> [WHAT TO PRODUCE]: Only one stretch of the records below should be repeated. It starts with the line containing "by move: X_sign" and goes on through the line containing "have take_cat p", exactly as written.

*** ENTRIES SUPPLIED

Lemma is_path_take (P : seq tr) i : is_path T P -> is_path T (take i P).
Proof. by rewrite -{1}(cat_take_drop i P) is_path_cat => /and3P[]. Qed.

Lemma is_path_drop (P : seq tr) i : is_path T P -> is_path T (drop i P).
Proof. by rewrite -{1}(cat_take_drop i P) is_path_cat => /and3P[]. Qed.

Lemma computation_take (P : seq tr) i : computation T P -> computation T (take i P).
Proof.
case/andP=> HP; rewrite /computation is_path_take //.
by case: P HP => [|t P] //; case: i.
Qed.

Lemma leq_dmax (P : seq tr) i : (i <= size P)%N -> (`|dd (take i P)| <= dmax P)%N.
Proof.
move=> Hi; exact: (@leq_bigmax _ (fun j : 'I_(size P).+1 => `|dd (take j P)|%N)
  (Ordinal (n := (size P).+1) Hi)).
Qed.

Lemma dmax_attained (P : seq tr) : exists2 i, (i <= size P)%N & dmax P = `|dd (take i P)|%N.
Proof.
rewrite /dmax; have [i ->] := @bigop.eq_bigmax _ (fun j : 'I_(size P).+1 => `|dd (take j P)|%N)
  ltac:(by rewrite card_ord).
by exists i; rewrite // -ltnS.
Qed.

Definition state_at (t0 : tr) (P : seq tr) (i : nat) : Q :=
  if i is i'.+1 then tgt (nth t0 P i') else src t0.

Lemma src_nth_state_at (t0 : tr) (P' : seq tr) i :
  is_path T (t0 :: P') -> (i < size (t0 :: P'))%N ->
  src (nth t0 (t0 :: P') i) = state_at t0 (t0 :: P') i.
Proof.
case: i => [//|i] /andP[_ /pathP step] lt_iP.
by apply/esym/eqP; apply: step.
Qed.

Lemma is_cycle_segment (t0 : tr) (P' : seq tr) p q :
  is_path T (t0 :: P') -> (p < q <= size (t0 :: P'))%N ->
  state_at t0 (t0 :: P') p = state_at t0 (t0 :: P') q ->
  is_cycle T (drop p (take q (t0 :: P'))).
Proof.
set P := t0 :: P'; move=> HP /andP[lt_pq le_qP] Est.
rewrite /is_cycle is_path_drop ?is_path_take //.
have size_seg : size (drop p (take q P)) = (q - p)%N by rewrite size_drop size_takel.
have nth_seg i : (i < q - p)%N -> nth t0 (drop p (take q P)) i = nth t0 P (p + i).
  by move=> Hi; rewrite nth_drop nth_take //; lia.
case Eseg: (drop p (take q P)) size_seg nth_seg => [|c C] size_seg nth_seg.
  by move: size_seg => /=; lia.
have -> : last c C = nth t0 P q.-1.
  by rewrite -[last c C]/(last t0 (c :: C)) -nth_last nth_seg size_seg; [congr nth; lia | lia].
have -> : c = nth t0 P p by rewrite -[p]addn0 -(nth_seg 0%N) //; lia.
rewrite src_nth_state_at //; last exact: leq_trans lt_pq le_qP.
rewrite -/P Est; case: q {le_qP Est Eseg size_seg nth_seg} lt_pq => [//|q _].
exact: eqxx.
Qed.

Lemma computation_cycle_twice (X C Y : seq tr) : is_cycle T C ->
  computation T (X ++ C ++ Y) -> computation T (X ++ C ++ C ++ Y).
Proof.
case: C => [//|c C] /andP[HC Hcyc] /andP[HP Hinit].
apply/andP; split; last by case: X {HP} Hinit.
move: HP; rewrite !is_path_cat => /and3P[HX /and3P[_ HY HCY] HXC].
rewrite HX HC HY HCY /= eq_sym Hcyc.
by case: X {HX Hinit} HXC.
Qed.

Lemma computation_pump (X C Y : seq tr) m : is_cycle T C ->
  computation T (X ++ C ++ Y) -> computation T (X ++ flatten (nseq m.+1 C) ++ Y).
Proof.
move=> HC HP; elim: m => [|m IH]; first by rewrite /= cats0.
by move: IH => /=; rewrite -!catA; apply: computation_cycle_twice.
Qed.

Lemma dd_flatten_nseq (C : seq tr) m : dd (flatten (nseq m C)) = m%:Z * dd C.
Proof. by elim: m => [|m IH]; rewrite ?mul0r //= dd_cat IH; lia. Qed.

Definition zero_computation_beyond (n : nat) : Prop :=
  exists P, computation T P /\ (n <= dmax P)%N /\ dd P = 0.

Definition has_opposite_cycles : Prop :=
  exists B C1 A C2 D : seq tr,
    [/\ computation T (B ++ C1 ++ A ++ C2 ++ D),
        is_path T B, is_path T A, is_path T D &
        [/\ is_cycle T C1, is_cycle T C2 & dd C1 * dd C2 < 0]].

Lemma not_zero_avoiding_zero_computation n :
  ~ zero_avoiding T -> zero_computation_beyond n.
Proof.
move=> not_za; apply: NNPP => no_zero; apply: not_za; exists n.-1 => P HP Hdmax.
by apply/eqP => dP0; apply: no_zero; exists P; split => //; split => //; lia.
Qed.

Lemma opposite_cycles_not_zero_avoiding : has_opposite_cycles -> ~ zero_avoiding T.
Proof.
move=> [B [C1 [A [C2 [D [HP _ _ _ [HC1 HC2 opposite]]]]]]] [k Hk].
pose a := (k + absz (dd B))%N; pose X := dd B + a.+1%:Z * dd C1.
pose b := absz (X + dd A); pose Y := X + dd A + b.+1%:Z * dd C2.
pose P := (B ++ flatten (nseq a.+1 C1)) ++ (A ++ flatten (nseq b.+1 C2)) ++ D.
have HP' : computation T P.
  have := computation_pump a HC1 HP; rewrite 2!catA => /(computation_pump b HC2).
  by rewrite /P -!catA.
pose u := size (B ++ flatten (nseq a.+1 C1)).
pose v := (u + size (A ++ flatten (nseq b.+1 C2)))%N.
have Du : dd (take u P) = X by rewrite /P take_size_cat // dd_cat dd_flatten_nseq.
have Dv : dd (take v P) = Y.
  rewrite /P catA take_size_cat; last by rewrite size_cat.
  by rewrite (dd_cat (B ++ _)) (dd_cat B) (dd_cat A) !dd_flatten_nseq addrA.
have [dC1_neq0 dC2_neq0] : dd C1 != 0 /\ dd C2 != 0.
  by split; apply/eqP => d0; rewrite d0 ?mul0r ?mulr0 in opposite.
have [X_gt_k X_sign] : k%:Z < `|X| /\ 0 < X * dd C1 := sign_add_large_multiple _ _ dC1_neq0.
have Y_sign : 0 < Y * dd C2 := (sign_add_large_multiple (X + dd A) 0 dC2_neq0).2.
have XY : X * Y <= 0.
  by move: X_sign Y_sign opposite; move: (X) (Y) (dd C1) (dd C2) => x y c1 c2; nia.
have [p [/andP[le_up le_vp] Dp]] := unit_steps_root (unit_steps_dd_take P)
  (leq_addr _ _ : (u <= v)%N) ltac:(by rewrite /= Du Dv).
have le_vP : (v <= size P)%N by rewrite /P catA size_cat (size_cat (B ++ _)) leq_addr.
have : (k < dmax (take p P))%N.
  have := @leq_dmax (take p P) u.
  rewrite take_takel // Du size_takel; last exact: leq_trans le_vP.
  by move/(_ le_up); apply: leq_trans; lia.
by move/(Hk _ (computation_take p HP')); rewrite Dp eqxx.
Qed.

Lemma opposite_cycles_of_repeats (t0 : tr) (P' : seq tr) p1 q1 p2 q2 :
  computation T (t0 :: P') ->
  (p1 < q1 <= p2)%N -> (p2 < q2 <= size (t0 :: P'))%N ->
  state_at t0 (t0 :: P') p1 = state_at t0 (t0 :: P') q1 ->
  state_at t0 (t0 :: P') p2 = state_at t0 (t0 :: P') q2 ->
  (dd (take q1 (t0 :: P')) - dd (take p1 (t0 :: P'))) *
  (dd (take q2 (t0 :: P')) - dd (take p2 (t0 :: P'))) < 0 ->
  has_opposite_cycles.
Proof.
set P := t0 :: P'; move=> HP /andP[lt_pq1 le_qp] /andP[lt_pq2 le_qP] Est1 Est2 opposite.
have path_P : is_path T P by case/andP: HP.
have take_cat p q : (p <= q)%N -> take q P = take p P ++ drop p (take q P).
  by move=> le_pq; rewrite -{1}(cat_take_drop p (take q P)) take_takel.
have dd_seg p q : (p <= q)%N -> dd (drop p (take q P)) = dd (take q P) - dd (take p P).
  by move=> le_pq; rewrite [in RHS](take_cat p q) // dd_cat addrC addKr.
exists (take p1 P), (drop p1 (take q1 P)), (drop q1 (take p2 P)), (drop p2 (take q2 P)),
  (drop q2 P).
split.
- by rewrite !catA -take_cat 1?ltnW // -take_cat // -take_cat 1?ltnW // cat_take_drop.
- exact: is_path_take.
- exact/is_path_drop/is_path_take.
- exact: is_path_drop.
split.
- apply: is_cycle_segment => //.
  by rewrite lt_pq1 (leq_trans le_qp) // (leq_trans (ltnW lt_pq2)).
- by apply: is_cycle_segment => //; rewrite lt_pq2.
- by rewrite !dd_seg // ltnW.
Qed.

Lemma zero_computation_opposite_cycles :
  (0 < #|Q|)%N -> zero_computation_beyond #|Q| -> has_opposite_cycles.
Proof.
move=> Q_gt0 [P [HP [Hdmax dP0]]].
have [i le_iP Di] := dmax_attained P.
case: P HP Hdmax dP0 le_iP Di => [|t0 P'] HP Hdmax dP0 le_iP Di.
  by move: Q_gt0 Hdmax; rewrite Di; case: #|Q|.
set P := t0 :: P' in HP Hdmax dP0 le_iP Di *.
have rise : #|Q|%:Z <= `|dd (take i P) - dd (take 0 P)| by rewrite take0 subr0; lia.
have fall : #|Q|%:Z <= `|dd (take (size P) P) - dd (take i P)|.
  by rewrite take_size dP0 sub0r normrN; lia.
have [p1 [q1 [/andP[_ lt_pq1] le_q1i Est1 sign1]]] :=
  unit_steps_repeat (state_at t0 P) (unit_steps_dd_take P) (leq0n i) rise.
have [p2 [q2 [/andP[le_ip2 lt_pq2] le_q2P Est2 sign2]]] :=
  unit_steps_repeat (state_at t0 P) (unit_steps_dd_take P) le_iP fall.
apply: (@opposite_cycles_of_repeats t0 P' p1 q1 p2 q2) => //.
- by rewrite lt_pq1 (leq_trans le_q1i).
- by rewrite lt_pq2.
- move: sign1 sign2; rewrite take0 subr0 take_size dP0 sub0r.
  move: (dd (take i P)) (dd (take p1 P)) (dd (take q1 P)) (dd (take p2 P)) (dd (take q2 P)).
  by move=> *; nia.
Qed.

End Paths.

Theorem proposition3 (Q S : finType) (T : transducer Q S) (n : nat)
    (HQ : #|Q| = n) (Hn : (1 <= n)%N) (HI : init T != set0) :
  (~ zero_avoiding T <->
     exists P, computation T P /\ (n <= dmax P)%N /\ dd P = 0) /\
  ((exists P, computation T P /\ (n <= dmax P)%N /\ dd P = 0) <->
     exists B C1 A C2 D : seq (transition Q S),
       [/\ computation T (B ++ C1 ++ A ++ C2 ++ D),
           is_path T B, is_path T A, is_path T D &
           [/\ is_cycle T C1, is_cycle T C2 & dd C1 * dd C2 < 0]]).
Proof.
have one_to_two := @not_zero_avoiding_zero_computation _ _ T n.
have two_to_three : zero_computation_beyond T n -> has_opposite_cycles T.
  by rewrite -HQ; apply: zero_computation_opposite_cycles; rewrite HQ.
have three_to_one := @opposite_cycles_not_zero_avoiding _ _ T.
split; split.
- exact: one_to_two.
- by move/two_to_three/three_to_one.
- exact: two_to_three.
- by move/three_to_one/one_to_two.
Qed.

******

> [RESPONSE BOX]:
  by move: X_sign Y_sign opposite; move: (X) (Y) (dd C1) (dd C2) => x y c1 c2; nia.
have [p [/andP[le_up le_vp] Dp]] := unit_steps_root (unit_steps_dd_take P)
  (leq_addr _ _ : (u <= v)%N) ltac:(by rewrite /= Du Dv).
have le_vP : (v <= size P)%N by rewrite /P catA size_cat (size_cat (B ++ _)) leq_addr.
have : (k < dmax (take p P))%N.
  have := @leq_dmax (take p P) u.
  rewrite take_takel // Du size_takel; last exact: leq_trans le_vP.
  by move/(_ le_up); apply: leq_trans; lia.
by move/(Hk _ (computation_take p HP')); rewrite Dp eqxx.
Qed.

Lemma opposite_cycles_of_repeats (t0 : tr) (P' : seq tr) p1 q1 p2 q2 :
  computation T (t0 :: P') ->
  (p1 < q1 <= p2)%N -> (p2 < q2 <= size (t0 :: P'))%N ->
  state_at t0 (t0 :: P') p1 = state_at t0 (t0 :: P') q1 ->
  state_at t0 (t0 :: P') p2 = state_at t0 (t0 :: P') q2 ->
  (dd (take q1 (t0 :: P')) - dd (take p1 (t0 :: P'))) *
  (dd (take q2 (t0 :: P')) - dd (take p2 (t0 :: P'))) < 0 ->
  has_opposite_cycles.
Proof.
set P := t0 :: P'; move=> HP /andP[lt_pq1 le_qp] /andP[lt_pq2 le_qP] Est1 Est2 opposite.
have path_P : is_path T P by case/andP: HP.
have take_cat p q : (p <= q)%N -> take q P = take p P ++ drop p (take q P).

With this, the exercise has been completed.